In urban and semi-urban areas using STV, existing urban ridings would join together to form multi-member ridings and typically electing 3–7 MLAs using ranked ballot. The candidates elected would reflect the popular vote of the voters in these larger, multi-member ridings. The use of a ranked ballot permits a high degree of voter choice by permitting voters to rank preferences for multiple candidates. For urban and semi-urban voters, this makes rural–urban proportional very similar to BC-STV.

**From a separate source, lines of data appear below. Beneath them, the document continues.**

Section GeneratorImages.
Variables (F : fieldType) (n : nat).
Hypothesis two_neq0 : (2%:R : F) != 0.

Lemma split_mx_be i : (1 <= i < n)%N -> split_mx (be F n i) = cf F n i + cfb F n i.
Proof.
move=> hi; rewrite be_symunit; last lia.
rewrite [LHS]surjective_pairing (split_mx_symunit1 two_neq0) ?split_mx_symunit2; [|lia..].
have hin : (i == n) = false by apply: negbTE; apply/eqP; lia.
rewrite sign_odd_add ?prednK ?hin; [|lia..].
by rewrite /cf /cfb pairD !addr0 add0r mulN1r !opprK !scale1r.
Qed.

Lemma split_mx_bf i : (1 <= i < n)%N -> split_mx (bf F n i) = ce F n i + ceb F n i.
Proof.
move=> hi; rewrite bf_symunit; last lia.
rewrite [LHS]surjective_pairing (split_mx_symunit1 two_neq0) ?split_mx_symunit2; [|lia..].
have hin : (i.-1 == n) = false by apply: negbTE; apply/eqP; lia.
rewrite addnC sign_odd_add ?prednK ?hin; [|lia..].
by rewrite /ce /ceb pairD !addr0 add0r mulN1r !opprK !scale1r.
Qed.

Lemma split_mx_be_n : (0 < n)%N -> split_mx (be F n n) = cf F n n *+ 2.
Proof.
move=> hn; rewrite be_symunit; last lia.
rewrite [LHS]surjective_pairing (split_mx_symunit1 two_neq0) ?split_mx_symunit2; [|lia..].
rewrite sign_odd_add ?prednK ?eqxx ?(@Emx_out F n n.+1) ?scaler0; [|lia..].
by rewrite /cf mulr2n pairD addr0 mulN1r opprK scalerDl scale1r.
Qed.

Lemma split_mx_bf_n : (0 < n)%N -> split_mx (bf F n n) = ce F n n.
Proof.
move=> hn; rewrite bf_symunit; last lia.
rewrite [LHS]surjective_pairing (split_mx_symunit1 two_neq0) ?split_mx_symunit2; [|lia..].
have hn1 : (n.-1 == n) = false by apply: negbTE; apply/eqP; lia.
rewrite addnC sign_odd_add ?prednK ?hn1 ?(@Emx_out F n _ n.+1) ?scaler0; [|lia..].
by rewrite addr0 mulN1r opprK scale1r.
Qed.

Lemma split_mx_bd i : (1 <= i <= n)%N -> split_mx (bd F n i) = - ch F n i - chb F n i.
Proof.
move=> hi; rewrite bd_symunit; last lia.
rewrite [LHS]surjective_pairing (split_mx_symunit1 two_neq0) ?split_mx_symunit2; [|lia..].
have hin : (i.-1 == n) = false by apply: negbTE; apply/eqP; lia.
rewrite sign_double ?prednK ?hin; [|lia..].
by rewrite addr0 mul1r !scaleN1r /ch /chb !pairN pairD !oppr0 addr0 add0r.
Qed.

Lemma split_mx_bd_last : split_mx (bd_last F n) = - (ch F n n.+1 *+ 2).
Proof.
rewrite bd_last_symunit [LHS]surjective_pairing (split_mx_symunit1 two_neq0) ?split_mx_symunit2 //.
rewrite sign_double eqxx (@Emx_out F n n.+1) ?scaler0 ?ltnSn // mul1r scaleNr scalerDl scale1r.
by rewrite /ch mulr2n pairD pairN addr0 oppr0.
Qed.

End GeneratorImages.

Lemma be_gtheta (F : fieldType) n i : (1 <= i <= n)%N -> be F n i \in @gtheta F n.
Proof. by move=> hi; rewrite be_symunit // symunit_gtheta //; lia. Qed.

Lemma bf_gtheta (F : fieldType) n i : (1 <= i <= n)%N -> bf F n i \in @gtheta F n.
Proof. by move=> hi; rewrite bf_symunit // symunit_gtheta //; lia. Qed.

Lemma bd_gtheta (F : fieldType) n i : (1 <= i <= n)%N -> bd F n i \in @gtheta F n.
Proof. by move=> hi; rewrite bd_symunit // symunit_gtheta //; lia. Qed.

Lemma bd_last_gtheta (F : fieldType) n : bd_last F n \in @gtheta F n.
Proof. by rewrite bd_last_symunit symunit_gtheta //; lia. Qed.

Section PrescribedValues.
Variables (F : fieldType) (n : nat) (Uj U : algType F).
Variables (iota : 'M[F]_(n.*2.+1) -> Uj) (jota : 'M[F]_n.+1 * 'M[F]_n -> U).
Hypothesis n_gt0 : (0 < n)%N.

Lemma psi_spec_split (psi : Uj -> U) : (2%:R : F) != 0 ->
  lie_hom_on (@pbr F n) predT jota ->
  {in @gtheta F n, forall X, psi (iota X) = jota (split_mx X)} ->
  psi_spec iota jota psi.
Proof.
move=> two_neq0 hj hpsi.
have jD (x y : 'M[F]_n.+1 * 'M[F]_n) : jota (x + y) = jota x + jota y.
  by rewrite (lie_hom_onD hj).
have jN (x : 'M[F]_n.+1 * 'M[F]_n) : jota (- x) = - jota x by rewrite (lie_hom_onN hj).
have jMn (x : 'M[F]_n.+1 * 'M[F]_n) k : jota (x *+ k) = jota x *+ k.
  by rewrite -!scaler_nat (lie_hom_onZ hj).
split; [move=> i hi; split | split; [|split; [|split; [move=> i hi|]]]].
- by rewrite hpsi ?be_gtheta ?split_mx_be ?jD //; lia.
- by rewrite hpsi ?bf_gtheta ?split_mx_bf ?jD //; lia.
- by rewrite hpsi ?be_gtheta ?split_mx_be_n ?jMn //; lia.
- by rewrite hpsi ?bf_gtheta ?split_mx_bf_n //; lia.
- by rewrite hpsi ?bd_gtheta ?split_mx_bd ?jD ?jN //; lia.
- by rewrite hpsi ?bd_last_gtheta ?split_mx_bd_last ?jN ?jMn.
Qed.

Variables (psi1 psi2 : Uj -> U).
Hypotheses (spec1 : psi_spec iota jota psi1) (spec2 : psi_spec iota jota psi2).

Lemma psi_spec_eq_diag a : (a <= n)%N ->
  psi1 (iota (symunit F n a a)) = psi2 (iota (symunit F n a a)).
Proof.
move: spec1 spec2 => [_ [_ [_ [s1d s1l]]]] [_ [_ [_ [s2d s2l]]]] ha.
have [han | hna] := ltnP a n.
  by rewrite -[a]/(a.+1.-1) -bd_symunit ?s1d ?s2d //; lia.
have -> : a = n by lia.
by rewrite -bd_last_symunit s1l s2l.
Qed.

Lemma psi_spec_eq_superdiag a : (a < n.*2)%N ->
  psi1 (iota (symunit F n a a.+1)) = psi2 (iota (symunit F n a a.+1)).
Proof.
move: spec1 spec2 => [s1 [s1e [s1f _]]] [s2 [s2e [s2f _]]] ha.
have [han | hna] := ltnP a n.
  rewrite -[a]/(a.+1.-1) -be_symunit; last lia.
  have [hlt | hna1] := ltnP a.+1 n; first by rewrite (s1 _ _).1 ?(s2 _ _).1 //; lia.
  have -> : a.+1 = n by lia.
  by rewrite s1e s2e.
rewrite -symunit_rev; [|lia..].
rewrite (_ : (n.*2 - a.+1 = (n.*2 - a).-1)%N) -?bf_symunit; [|lia..].
have [hlt | hna2] := ltnP (n.*2 - a) n; first by rewrite (s1 _ _).2 ?(s2 _ _).2 //; lia.
have -> : (n.*2 - a = n)%N by lia.
by rewrite s1f s2f.
Qed.

End PrescribedValues.

Unset Implicit Arguments.

Theorem lemma2 (F : numClosedFieldType) (n : nat) (hn : (0 < n)%N)
    (Uj : algType F) (iota : 'M[F]_(n.*2.+1) -> Uj)
    (HUj : is_UEA (@mxbr F _) (@gtheta F n) iota)
    (U : algType F) (jota : 'M[F]_n.+1 * 'M[F]_n -> U)
    (HU : is_UEA (@pbr F n) predT jota) :
  exists psi : {lrmorphism Uj -> U},
    @psi_spec F n Uj U iota jota psi /\
    (forall psi' : {lrmorphism Uj -> U}, @psi_spec F n Uj U iota jota psi' -> psi' =1 psi).
Proof.
have two_neq0 : (2%:R : F) != 0 by rewrite pnatr_eq0.
have hphi : lie_hom_on (@mxbr F _) (@gtheta F n) (jota \o @split_mx F n).
  apply: lie_hom_on_comp HU.1 => [c X W|X W /gthetaP hX /gthetaP hW].
    exact: split_mx_linear.
  exact: split_mx_mxbr.
have [psi [hpsi psi_uniq]] := HUj.2 U _ hphi.
have spec := psi_spec_split hn two_neq0 HU.1 hpsi.
exists psi; split => // psi' spec'.
apply: psi_uniq => X hX; rewrite -hpsi //.
apply: (lie_hom_on_eq_gtheta (lrmorph_lie_hom_on psi' HUj.1) (lrmorph_lie_hom_on psi HUj.1))
  => // a ha.
  exact: (psi_spec_eq_diag hn spec' spec).
exact: (psi_spec_eq_superdiag hn spec' spec).
Qed.
(* cycle condition: at the 0-cell corner(x,w) the four incident half-edges
   are ES(x,w), ES(antipode x, antipode w) (outgoing), TS(x,w) (outgoing) and
   TS(x, sigma_inv x w) (incoming); the total outflow must vanish. *)
Definition is_cycle (c : chain) : bool :=
  chain_ok c &&
  [forall x : V, forall w : V, adj x w ==>
     (c (x, w, true) + c (antipode x, antipode w, true) + c (x, w, false)
      - c (x, sigma_inv x w, false) == 0)].

Definition face_boundary (i : Face) : chain :=
  \sum_(k < 5) (es_cell (fv i k) (fv i k.+1) - ts_cell (fv i k.+1) (fv i k.+2)).

Definition is_boundary (c : chain) : Prop :=
  exists n : {ffun Face -> int}, c = \sum_(i : Face) face_boundary i *~ n i.

Definition homologous (a b : chain) : Prop := is_boundary (a - b).

(* Intersection pairing <a,b> (a, b cycles): ribbon-graph formula
   <a,b> = 1/2 sum_{0-cells v} omega_v(a,b), where at the 0-cell
   corner(x,w) the incident half-edges in counterclockwise order are
   TS(x, sigma_inv x w), ES(x,w), TS(x,w), ES(antipode x, antipode w), the
   outflows of a chain on them are [flows], and
   omega(a,b) = sum_{i<j} (a_i b_j - a_j b_i).  Each 0-cell is
   represented by two keys (x,w) and (antipode x, antipode w), whence the
   division by 4.  Convention: <a,b> = +1 at a transverse crossing
   where (a', b') is positively oriented (orientation of D by the
   outward normal). *)
Definition flows (c : chain) (x w : V) : seq int :=
  [:: - c (x, sigma_inv x w, false); c (x, w, true); c (x, w, false);
      c (antipode x, antipode w, true)].

Definition omega (a b : seq int) : int :=
  \sum_(0 <= i < 4) \sum_(i.+1 <= j < 4) (a`_i * b`_j - a`_j * b`_i).

Definition inter (a b : chain) : int :=
  ((\sum_(x : V) \sum_(w : V | adj x w) omega (flows a x w) (flows b x w)) %/ 4)%Z.

Definition delta_trc (x : V) : chain := \sum_(w : V | adj x w) ts_cell x w.
Definition delta_edge (y : V * V) : chain :=
  es_cell y.1 y.2 - es_cell (antipode y.1) (antipode y.2).

(* Picard--Lefschetz: h |-> h + sum_{delta in Delta/{+-1}} <h,delta> delta,
   where Delta = {delta i | P i} and the sum runs over one representative
   (the first index in enumeration order) of each class {delta, -delta}. *)
Definition picard_lefschetz (I : finType) (P : pred I) (delta : I -> chain)
    (h : chain) : chain :=
  h + \sum_(i | P i && [forall j, (P j && ((delta j == delta i) || (delta j == - delta i)))
                                    ==> (enum_rank i <= enum_rank j)%N])
        delta i *~ inter h (delta i).

Definition rho_trc : chain -> chain := picard_lefschetz (@predT V) delta_trc.
Definition rho_edge : chain -> chain :=
  picard_lefschetz (fun y : V * V => adj y.1 y.2) delta_edge.

Definition u_trc (E : {set V}) : chain := \sum_(x in E) delta_trc x.
Definition u_edge (E : {set V}) : chain :=
  \sum_(x in E) \sum_(w : V | adj x w) delta_edge (x, w).

(* Both monodromies are Picard-Lefschetz transvections, so their effect on a class is
   determined by its intersection numbers with the vanishing cycles.  On the cellular
   model of Sigma all of this is a finite computation.  The face boundaries pair to zero
   with the vanishing cycles, so for a cycle W with 3[W] = [u_edge] the intersection
   numbers of W are those of u_edge divided by 3; evaluating the Picard-Lefschetz sums
   over one vanishing cycle per class {delta, -delta} then gives the four identities
   (even as identities of chains) for each of the ten possible sets E, the four-element
   sets of pairwise non-adjacent vertices of an inscribed cube, which are found by an
   exhaustive enumeration. *)

From HB Require Import structures.
From mathcomp Require Import all_boot all_order all_algebra.
From mathcomp Require Import ring.
Import GRing.Theory.
Set Implicit Arguments.
Unset Strict Implicit.
Unset Printing Implicit Defensive.
Local Open Scope ring_scope.

(* [ord_enum] and [inord] are built with [insub], which does not compute since [idP]
   is opaque; [insub_eq] is its transparent twin. *)
Definition ord_seq n : seq 'I_n := pmap (insub_eq _) (iota 0 n).

Lemma enum_ord_seq n : enum 'I_n = ord_seq n.
Proof.
apply: (inj_map val_inj); rewrite val_enum_ord -val_ord_enum.
by rewrite /ord_seq (eq_pmap (insub_eqE _)).
Qed.

Lemma mem_ord_seq n (i : 'I_n) : i \in ord_seq n.
Proof. by rewrite -enum_ord_seq mem_enum. Qed.

Lemma forall_ord_seq n (P : pred 'I_n) : all P (ord_seq n) -> forall i, P i.
Proof. by move/allP=> P_all i; apply/P_all/mem_ord_seq. Qed.

Lemma forall_ord_seq2 n m (P : 'I_n -> 'I_m -> bool) :
  all (fun i => all (P i) (ord_seq m)) (ord_seq n) -> forall i j, P i j.
Proof. by move/forall_ord_seq=> P_all i; apply/forall_ord_seq/P_all. Qed.

Definition vertex (m : nat) : V := odflt ord0 (insub_eq _ m).

Lemma vertexE m : vertex m = inord m.
Proof. by rewrite /vertex insub_eqE. Qed.

(* [vm_compute] compares ordinals much faster through their values. *)
Lemma eqE_ord n (i j : 'I_n) : (i == j) = (nat_of_ord i == j).
Proof. by []. Qed.

Lemma exists_enum (T : finType) (s : seq T) (P : pred T) :
  enum T = s -> [exists i, P i] = has P s.
Proof.
by move=> <-; apply/existsP/hasP => [[i Pi]|[i _ Pi]]; exists i; rewrite ?mem_enum.
Qed.

Lemma forall_enum (T : finType) (s : seq T) (P : pred T) :
  enum T = s -> [forall i, P i] = all P s.
Proof. by move=> <-; apply/forallP/allP => P_all i *; apply: P_all; rewrite ?mem_enum. Qed.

In rural ridings using MMP, voters would have two votes: one to elect their local MLA, and another that would be used to elect a regional MLA to ensure the proportionality of overall results in rural regions. Their first vote on the ballot would be used to elect a local MLA in the same way as the current first-past-the-post (FPTP) electoral system: the candidate with the most votes would be elected. The second vote would be used in either an open list or closed list system in which voters select either a candidate or party to represent them at a regional level. However, it is expected that only open list have any real likelihood of being implemented. These regional MLAs are used as "top-ups" so that overall proportionality is achieved in rural regional areas, given the lack of proportionality that results from first-past-the-post elections. Top-up MLAs would be elected using regional party lists. A commitment has been made that no region will lose ridings under any of the three proposed electoral systems in the 2018 electoral reform referendum.

==Support==
Rural–urban proportional was one of three "made-in-Canada" systems endorsed by Fair Vote Canada in its submission to the 2016 Special Parliamentary Committee on Electoral Reform. The other two were MMP and STV. Fair Voting BC gave rural–urban proportional its highest ranking in its scorecard of proportional voting systems. During the federal government's consultation on electoral reform at the federal level in 2016, both the New Democratic Party of Canada and Green Party of Canada recommended Canada adopt either RUP or MMP.